**The task**.
Sift the material for lines containing "mulrC", and return them.

**Given records**.
'''

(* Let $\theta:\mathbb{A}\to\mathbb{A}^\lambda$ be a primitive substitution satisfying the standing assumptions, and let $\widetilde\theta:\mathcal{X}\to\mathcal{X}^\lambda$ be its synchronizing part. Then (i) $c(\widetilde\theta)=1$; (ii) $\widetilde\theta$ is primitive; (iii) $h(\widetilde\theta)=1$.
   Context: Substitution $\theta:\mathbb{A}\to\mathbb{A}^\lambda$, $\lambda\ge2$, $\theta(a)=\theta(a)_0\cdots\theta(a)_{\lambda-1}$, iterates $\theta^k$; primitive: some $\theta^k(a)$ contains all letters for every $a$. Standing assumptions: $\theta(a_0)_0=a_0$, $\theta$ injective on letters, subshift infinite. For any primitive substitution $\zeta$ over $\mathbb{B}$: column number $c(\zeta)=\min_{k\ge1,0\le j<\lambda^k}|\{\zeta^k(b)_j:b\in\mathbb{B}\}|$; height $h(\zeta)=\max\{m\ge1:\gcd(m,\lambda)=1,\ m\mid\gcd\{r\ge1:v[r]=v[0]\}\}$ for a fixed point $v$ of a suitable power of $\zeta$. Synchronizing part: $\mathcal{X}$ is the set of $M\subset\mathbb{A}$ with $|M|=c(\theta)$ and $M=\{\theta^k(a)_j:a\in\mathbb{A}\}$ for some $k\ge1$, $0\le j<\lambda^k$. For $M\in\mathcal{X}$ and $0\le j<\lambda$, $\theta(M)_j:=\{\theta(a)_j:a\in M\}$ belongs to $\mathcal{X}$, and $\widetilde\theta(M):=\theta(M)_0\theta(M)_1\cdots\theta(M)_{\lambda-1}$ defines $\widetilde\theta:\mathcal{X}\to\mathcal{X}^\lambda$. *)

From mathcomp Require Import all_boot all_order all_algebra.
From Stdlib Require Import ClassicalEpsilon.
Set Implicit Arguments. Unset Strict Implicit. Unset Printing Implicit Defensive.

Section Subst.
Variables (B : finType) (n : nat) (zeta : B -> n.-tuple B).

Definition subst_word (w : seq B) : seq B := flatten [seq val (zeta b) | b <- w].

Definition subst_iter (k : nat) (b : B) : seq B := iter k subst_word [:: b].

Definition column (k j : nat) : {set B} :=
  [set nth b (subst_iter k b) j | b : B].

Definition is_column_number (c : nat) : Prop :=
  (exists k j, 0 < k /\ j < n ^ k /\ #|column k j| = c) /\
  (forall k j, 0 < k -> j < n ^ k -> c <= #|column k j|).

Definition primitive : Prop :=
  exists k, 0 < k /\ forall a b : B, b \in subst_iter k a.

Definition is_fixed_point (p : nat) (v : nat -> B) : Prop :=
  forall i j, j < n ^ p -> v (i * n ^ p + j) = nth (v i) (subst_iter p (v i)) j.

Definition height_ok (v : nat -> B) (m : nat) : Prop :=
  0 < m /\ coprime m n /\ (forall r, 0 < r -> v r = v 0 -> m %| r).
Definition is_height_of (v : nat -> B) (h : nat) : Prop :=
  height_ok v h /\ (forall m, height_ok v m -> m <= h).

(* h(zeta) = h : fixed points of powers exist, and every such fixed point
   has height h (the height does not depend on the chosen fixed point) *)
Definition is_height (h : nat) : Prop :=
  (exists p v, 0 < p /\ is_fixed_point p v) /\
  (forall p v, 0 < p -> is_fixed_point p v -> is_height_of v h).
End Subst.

'''
'''

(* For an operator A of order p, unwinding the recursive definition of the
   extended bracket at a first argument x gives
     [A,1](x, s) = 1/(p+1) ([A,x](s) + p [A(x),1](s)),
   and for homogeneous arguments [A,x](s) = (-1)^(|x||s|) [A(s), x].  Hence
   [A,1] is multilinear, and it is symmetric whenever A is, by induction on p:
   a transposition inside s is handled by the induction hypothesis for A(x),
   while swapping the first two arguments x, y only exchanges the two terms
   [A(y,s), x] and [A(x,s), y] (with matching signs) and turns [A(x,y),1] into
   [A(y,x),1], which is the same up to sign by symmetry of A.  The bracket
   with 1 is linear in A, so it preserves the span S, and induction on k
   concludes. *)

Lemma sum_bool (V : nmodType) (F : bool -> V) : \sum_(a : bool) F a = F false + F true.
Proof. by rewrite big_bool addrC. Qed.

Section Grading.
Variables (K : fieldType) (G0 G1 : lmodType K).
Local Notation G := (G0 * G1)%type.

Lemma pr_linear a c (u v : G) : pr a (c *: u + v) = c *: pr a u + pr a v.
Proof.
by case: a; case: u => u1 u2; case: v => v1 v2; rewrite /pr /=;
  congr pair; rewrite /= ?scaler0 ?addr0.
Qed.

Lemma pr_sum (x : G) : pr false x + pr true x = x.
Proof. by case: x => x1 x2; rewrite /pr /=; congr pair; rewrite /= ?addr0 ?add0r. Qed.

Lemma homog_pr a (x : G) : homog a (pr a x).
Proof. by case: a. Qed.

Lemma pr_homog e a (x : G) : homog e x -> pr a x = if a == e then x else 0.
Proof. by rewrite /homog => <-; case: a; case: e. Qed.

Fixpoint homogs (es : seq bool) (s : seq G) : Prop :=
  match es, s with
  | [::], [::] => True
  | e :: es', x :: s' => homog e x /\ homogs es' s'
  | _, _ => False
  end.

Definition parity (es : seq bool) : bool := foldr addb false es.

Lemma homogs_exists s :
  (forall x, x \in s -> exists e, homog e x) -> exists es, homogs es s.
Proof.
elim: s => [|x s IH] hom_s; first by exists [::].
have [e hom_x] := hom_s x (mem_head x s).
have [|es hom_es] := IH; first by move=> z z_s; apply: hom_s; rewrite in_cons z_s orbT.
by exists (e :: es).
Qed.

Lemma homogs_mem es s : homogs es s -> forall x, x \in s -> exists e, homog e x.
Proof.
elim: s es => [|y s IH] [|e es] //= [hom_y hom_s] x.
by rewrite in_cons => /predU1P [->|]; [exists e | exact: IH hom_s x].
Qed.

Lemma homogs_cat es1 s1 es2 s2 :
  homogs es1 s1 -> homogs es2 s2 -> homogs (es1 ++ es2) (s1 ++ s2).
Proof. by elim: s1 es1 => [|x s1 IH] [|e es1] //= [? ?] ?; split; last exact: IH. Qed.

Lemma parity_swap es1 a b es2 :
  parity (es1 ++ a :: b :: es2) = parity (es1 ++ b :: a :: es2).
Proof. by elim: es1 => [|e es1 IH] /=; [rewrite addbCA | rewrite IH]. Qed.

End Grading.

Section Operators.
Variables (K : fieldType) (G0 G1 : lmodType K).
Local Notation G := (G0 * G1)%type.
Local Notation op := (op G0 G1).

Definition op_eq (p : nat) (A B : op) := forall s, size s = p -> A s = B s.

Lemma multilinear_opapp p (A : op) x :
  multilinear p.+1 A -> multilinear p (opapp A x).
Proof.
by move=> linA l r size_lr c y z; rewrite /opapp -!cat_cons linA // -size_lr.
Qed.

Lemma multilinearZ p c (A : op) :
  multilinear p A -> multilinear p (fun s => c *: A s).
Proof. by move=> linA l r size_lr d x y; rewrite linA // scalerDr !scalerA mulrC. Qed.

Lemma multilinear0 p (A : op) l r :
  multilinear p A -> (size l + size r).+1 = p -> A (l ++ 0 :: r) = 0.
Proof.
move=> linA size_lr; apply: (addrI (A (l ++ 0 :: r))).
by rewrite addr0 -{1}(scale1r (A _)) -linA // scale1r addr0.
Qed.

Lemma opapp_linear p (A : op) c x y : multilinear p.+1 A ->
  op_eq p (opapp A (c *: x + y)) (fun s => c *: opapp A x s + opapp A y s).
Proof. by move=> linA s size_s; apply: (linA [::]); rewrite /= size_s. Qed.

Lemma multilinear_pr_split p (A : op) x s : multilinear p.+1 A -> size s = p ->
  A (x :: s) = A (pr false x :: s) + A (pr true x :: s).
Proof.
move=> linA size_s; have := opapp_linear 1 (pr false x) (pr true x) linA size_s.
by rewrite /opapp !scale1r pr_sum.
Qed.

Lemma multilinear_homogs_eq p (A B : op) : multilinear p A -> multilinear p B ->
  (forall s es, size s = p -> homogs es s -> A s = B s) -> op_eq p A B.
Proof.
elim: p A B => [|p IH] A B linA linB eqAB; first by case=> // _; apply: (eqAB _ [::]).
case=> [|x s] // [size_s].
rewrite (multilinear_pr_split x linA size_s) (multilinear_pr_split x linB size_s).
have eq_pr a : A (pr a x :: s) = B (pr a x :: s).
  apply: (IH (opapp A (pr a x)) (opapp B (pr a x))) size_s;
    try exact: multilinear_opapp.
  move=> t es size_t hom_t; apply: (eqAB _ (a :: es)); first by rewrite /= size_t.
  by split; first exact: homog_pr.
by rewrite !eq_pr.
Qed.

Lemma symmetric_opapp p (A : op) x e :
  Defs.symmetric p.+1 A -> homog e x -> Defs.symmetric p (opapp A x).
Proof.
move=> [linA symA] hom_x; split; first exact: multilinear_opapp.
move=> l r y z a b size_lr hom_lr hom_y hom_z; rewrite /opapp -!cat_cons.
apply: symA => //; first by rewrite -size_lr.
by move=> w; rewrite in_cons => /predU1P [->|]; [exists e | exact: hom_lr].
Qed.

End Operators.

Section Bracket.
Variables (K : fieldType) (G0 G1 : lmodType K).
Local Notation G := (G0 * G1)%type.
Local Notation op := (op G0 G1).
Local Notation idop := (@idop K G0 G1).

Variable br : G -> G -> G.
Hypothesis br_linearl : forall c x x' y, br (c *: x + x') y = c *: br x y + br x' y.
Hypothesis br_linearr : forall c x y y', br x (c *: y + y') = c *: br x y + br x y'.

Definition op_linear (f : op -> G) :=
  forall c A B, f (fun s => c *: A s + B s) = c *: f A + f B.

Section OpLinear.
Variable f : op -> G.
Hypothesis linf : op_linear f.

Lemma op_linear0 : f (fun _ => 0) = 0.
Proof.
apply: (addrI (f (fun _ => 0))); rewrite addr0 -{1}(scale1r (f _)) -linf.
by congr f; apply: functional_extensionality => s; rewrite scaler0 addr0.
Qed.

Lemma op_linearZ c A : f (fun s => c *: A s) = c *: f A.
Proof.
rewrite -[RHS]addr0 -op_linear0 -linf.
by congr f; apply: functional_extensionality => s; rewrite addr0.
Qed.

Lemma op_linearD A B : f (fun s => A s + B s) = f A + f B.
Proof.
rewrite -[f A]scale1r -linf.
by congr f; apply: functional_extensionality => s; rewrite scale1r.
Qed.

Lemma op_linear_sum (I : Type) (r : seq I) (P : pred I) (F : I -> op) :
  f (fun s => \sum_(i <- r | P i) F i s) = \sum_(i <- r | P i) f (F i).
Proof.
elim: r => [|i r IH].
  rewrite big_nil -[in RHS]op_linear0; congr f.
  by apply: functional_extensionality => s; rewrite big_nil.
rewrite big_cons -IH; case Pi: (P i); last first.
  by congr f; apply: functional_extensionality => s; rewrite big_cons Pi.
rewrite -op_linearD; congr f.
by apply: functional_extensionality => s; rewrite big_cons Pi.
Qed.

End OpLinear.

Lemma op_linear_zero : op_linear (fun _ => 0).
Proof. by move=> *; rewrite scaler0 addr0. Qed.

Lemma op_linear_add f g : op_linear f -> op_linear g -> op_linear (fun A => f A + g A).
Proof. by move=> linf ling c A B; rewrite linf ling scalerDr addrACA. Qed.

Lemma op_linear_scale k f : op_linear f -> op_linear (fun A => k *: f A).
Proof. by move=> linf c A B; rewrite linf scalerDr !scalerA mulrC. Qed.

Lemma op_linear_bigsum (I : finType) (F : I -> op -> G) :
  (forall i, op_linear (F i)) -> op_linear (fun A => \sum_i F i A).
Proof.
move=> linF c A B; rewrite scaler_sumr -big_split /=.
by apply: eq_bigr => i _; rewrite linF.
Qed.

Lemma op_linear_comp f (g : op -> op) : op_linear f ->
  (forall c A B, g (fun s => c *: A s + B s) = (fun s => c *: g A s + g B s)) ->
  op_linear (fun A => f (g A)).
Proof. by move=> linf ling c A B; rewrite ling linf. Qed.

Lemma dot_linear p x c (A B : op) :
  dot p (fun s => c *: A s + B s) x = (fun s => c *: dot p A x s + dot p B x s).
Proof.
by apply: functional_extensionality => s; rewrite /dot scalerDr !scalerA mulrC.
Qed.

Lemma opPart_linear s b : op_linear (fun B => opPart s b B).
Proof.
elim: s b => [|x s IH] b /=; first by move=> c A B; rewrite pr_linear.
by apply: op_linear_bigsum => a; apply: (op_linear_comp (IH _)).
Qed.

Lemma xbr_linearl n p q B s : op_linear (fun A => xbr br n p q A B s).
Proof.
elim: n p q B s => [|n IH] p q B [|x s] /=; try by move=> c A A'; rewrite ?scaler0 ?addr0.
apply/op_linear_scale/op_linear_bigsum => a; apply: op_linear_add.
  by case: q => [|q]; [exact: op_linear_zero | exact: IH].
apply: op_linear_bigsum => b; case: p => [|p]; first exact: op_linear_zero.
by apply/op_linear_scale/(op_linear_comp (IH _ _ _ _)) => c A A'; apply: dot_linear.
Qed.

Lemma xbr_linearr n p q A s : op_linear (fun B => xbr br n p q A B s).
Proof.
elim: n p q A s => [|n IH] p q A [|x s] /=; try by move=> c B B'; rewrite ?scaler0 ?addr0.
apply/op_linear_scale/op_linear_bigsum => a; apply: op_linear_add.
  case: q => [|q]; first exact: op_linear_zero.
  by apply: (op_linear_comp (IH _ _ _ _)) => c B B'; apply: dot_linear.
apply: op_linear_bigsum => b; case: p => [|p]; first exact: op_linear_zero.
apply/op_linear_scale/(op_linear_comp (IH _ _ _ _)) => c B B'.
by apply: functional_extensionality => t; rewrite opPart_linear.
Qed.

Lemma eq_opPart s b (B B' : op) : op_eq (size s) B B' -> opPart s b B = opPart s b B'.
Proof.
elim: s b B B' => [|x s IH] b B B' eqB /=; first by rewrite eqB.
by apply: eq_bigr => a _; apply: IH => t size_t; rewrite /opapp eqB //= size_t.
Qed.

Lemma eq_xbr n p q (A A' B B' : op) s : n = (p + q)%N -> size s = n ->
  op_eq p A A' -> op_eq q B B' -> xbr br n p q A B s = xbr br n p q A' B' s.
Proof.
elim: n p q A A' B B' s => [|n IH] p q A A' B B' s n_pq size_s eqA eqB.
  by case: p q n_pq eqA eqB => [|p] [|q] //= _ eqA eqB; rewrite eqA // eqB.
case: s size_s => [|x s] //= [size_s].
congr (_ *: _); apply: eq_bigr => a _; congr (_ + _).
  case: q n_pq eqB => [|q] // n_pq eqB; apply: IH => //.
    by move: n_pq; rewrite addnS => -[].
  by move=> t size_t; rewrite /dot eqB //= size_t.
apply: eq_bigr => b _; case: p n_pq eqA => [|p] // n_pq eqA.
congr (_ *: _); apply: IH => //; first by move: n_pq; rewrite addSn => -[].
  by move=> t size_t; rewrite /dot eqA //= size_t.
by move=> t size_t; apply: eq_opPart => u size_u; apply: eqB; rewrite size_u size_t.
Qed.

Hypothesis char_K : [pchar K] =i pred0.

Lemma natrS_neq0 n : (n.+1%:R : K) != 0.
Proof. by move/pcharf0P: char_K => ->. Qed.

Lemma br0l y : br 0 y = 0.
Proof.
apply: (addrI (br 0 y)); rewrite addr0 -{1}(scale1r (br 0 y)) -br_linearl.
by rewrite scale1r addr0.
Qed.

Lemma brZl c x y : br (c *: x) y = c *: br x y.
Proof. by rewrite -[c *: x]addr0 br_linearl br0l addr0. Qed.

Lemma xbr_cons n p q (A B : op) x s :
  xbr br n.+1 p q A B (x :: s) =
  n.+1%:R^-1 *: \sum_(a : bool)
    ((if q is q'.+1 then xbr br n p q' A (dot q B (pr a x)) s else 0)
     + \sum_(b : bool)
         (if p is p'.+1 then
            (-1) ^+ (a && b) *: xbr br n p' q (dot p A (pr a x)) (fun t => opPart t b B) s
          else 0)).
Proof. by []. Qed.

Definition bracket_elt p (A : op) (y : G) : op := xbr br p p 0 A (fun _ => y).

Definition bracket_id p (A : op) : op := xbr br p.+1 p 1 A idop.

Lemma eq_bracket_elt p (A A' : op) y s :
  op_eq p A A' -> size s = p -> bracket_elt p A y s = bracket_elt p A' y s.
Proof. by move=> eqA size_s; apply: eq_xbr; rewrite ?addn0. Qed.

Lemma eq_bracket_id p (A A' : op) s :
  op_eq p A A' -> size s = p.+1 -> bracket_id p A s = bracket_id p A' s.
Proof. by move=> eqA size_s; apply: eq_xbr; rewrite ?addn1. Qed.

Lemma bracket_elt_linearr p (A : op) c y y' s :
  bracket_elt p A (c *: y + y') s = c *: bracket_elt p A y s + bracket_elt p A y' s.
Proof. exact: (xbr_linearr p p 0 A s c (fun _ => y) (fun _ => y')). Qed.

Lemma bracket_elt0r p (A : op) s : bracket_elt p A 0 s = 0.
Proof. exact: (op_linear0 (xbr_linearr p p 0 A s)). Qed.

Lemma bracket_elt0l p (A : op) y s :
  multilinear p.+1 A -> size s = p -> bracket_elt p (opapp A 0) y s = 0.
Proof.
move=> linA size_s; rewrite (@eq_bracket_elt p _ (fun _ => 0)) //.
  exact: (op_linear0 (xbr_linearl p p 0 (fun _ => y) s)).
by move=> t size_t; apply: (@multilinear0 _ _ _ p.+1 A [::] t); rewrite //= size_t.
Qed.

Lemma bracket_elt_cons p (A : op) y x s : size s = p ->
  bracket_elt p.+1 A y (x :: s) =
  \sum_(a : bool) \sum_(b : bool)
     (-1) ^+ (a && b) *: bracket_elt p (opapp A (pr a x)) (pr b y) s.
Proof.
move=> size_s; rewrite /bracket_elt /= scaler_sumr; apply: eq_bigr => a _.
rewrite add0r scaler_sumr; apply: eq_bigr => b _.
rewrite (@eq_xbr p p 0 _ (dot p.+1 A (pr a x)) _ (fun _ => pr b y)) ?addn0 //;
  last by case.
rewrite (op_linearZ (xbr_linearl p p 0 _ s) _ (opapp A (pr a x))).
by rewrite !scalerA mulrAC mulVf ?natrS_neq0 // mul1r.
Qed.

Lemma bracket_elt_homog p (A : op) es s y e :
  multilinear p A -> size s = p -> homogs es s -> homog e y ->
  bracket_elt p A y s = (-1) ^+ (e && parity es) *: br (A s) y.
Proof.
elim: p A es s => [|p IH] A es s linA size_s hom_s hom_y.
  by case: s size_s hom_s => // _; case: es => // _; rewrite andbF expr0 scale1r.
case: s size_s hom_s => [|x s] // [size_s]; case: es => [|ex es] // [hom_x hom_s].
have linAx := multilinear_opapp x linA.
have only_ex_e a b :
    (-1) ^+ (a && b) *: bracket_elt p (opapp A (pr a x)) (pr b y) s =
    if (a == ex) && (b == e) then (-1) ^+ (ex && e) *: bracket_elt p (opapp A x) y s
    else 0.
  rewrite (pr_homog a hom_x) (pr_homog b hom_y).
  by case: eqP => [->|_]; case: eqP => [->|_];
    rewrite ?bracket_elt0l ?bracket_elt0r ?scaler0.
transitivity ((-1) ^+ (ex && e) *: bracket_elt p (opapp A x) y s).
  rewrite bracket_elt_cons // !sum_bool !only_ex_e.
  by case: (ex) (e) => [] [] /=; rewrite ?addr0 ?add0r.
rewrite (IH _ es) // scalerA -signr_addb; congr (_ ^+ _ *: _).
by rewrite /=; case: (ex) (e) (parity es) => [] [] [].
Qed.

'''

**Answer to the problem**.
Proof. by move=> linA l r size_lr d x y; rewrite linA // scalerDr !scalerA mulrC. Qed.
Proof. by move=> linf c A B; rewrite linf scalerDr !scalerA mulrC. Qed.
by apply: functional_extensionality => s; rewrite /dot scalerDr !scalerA mulrC.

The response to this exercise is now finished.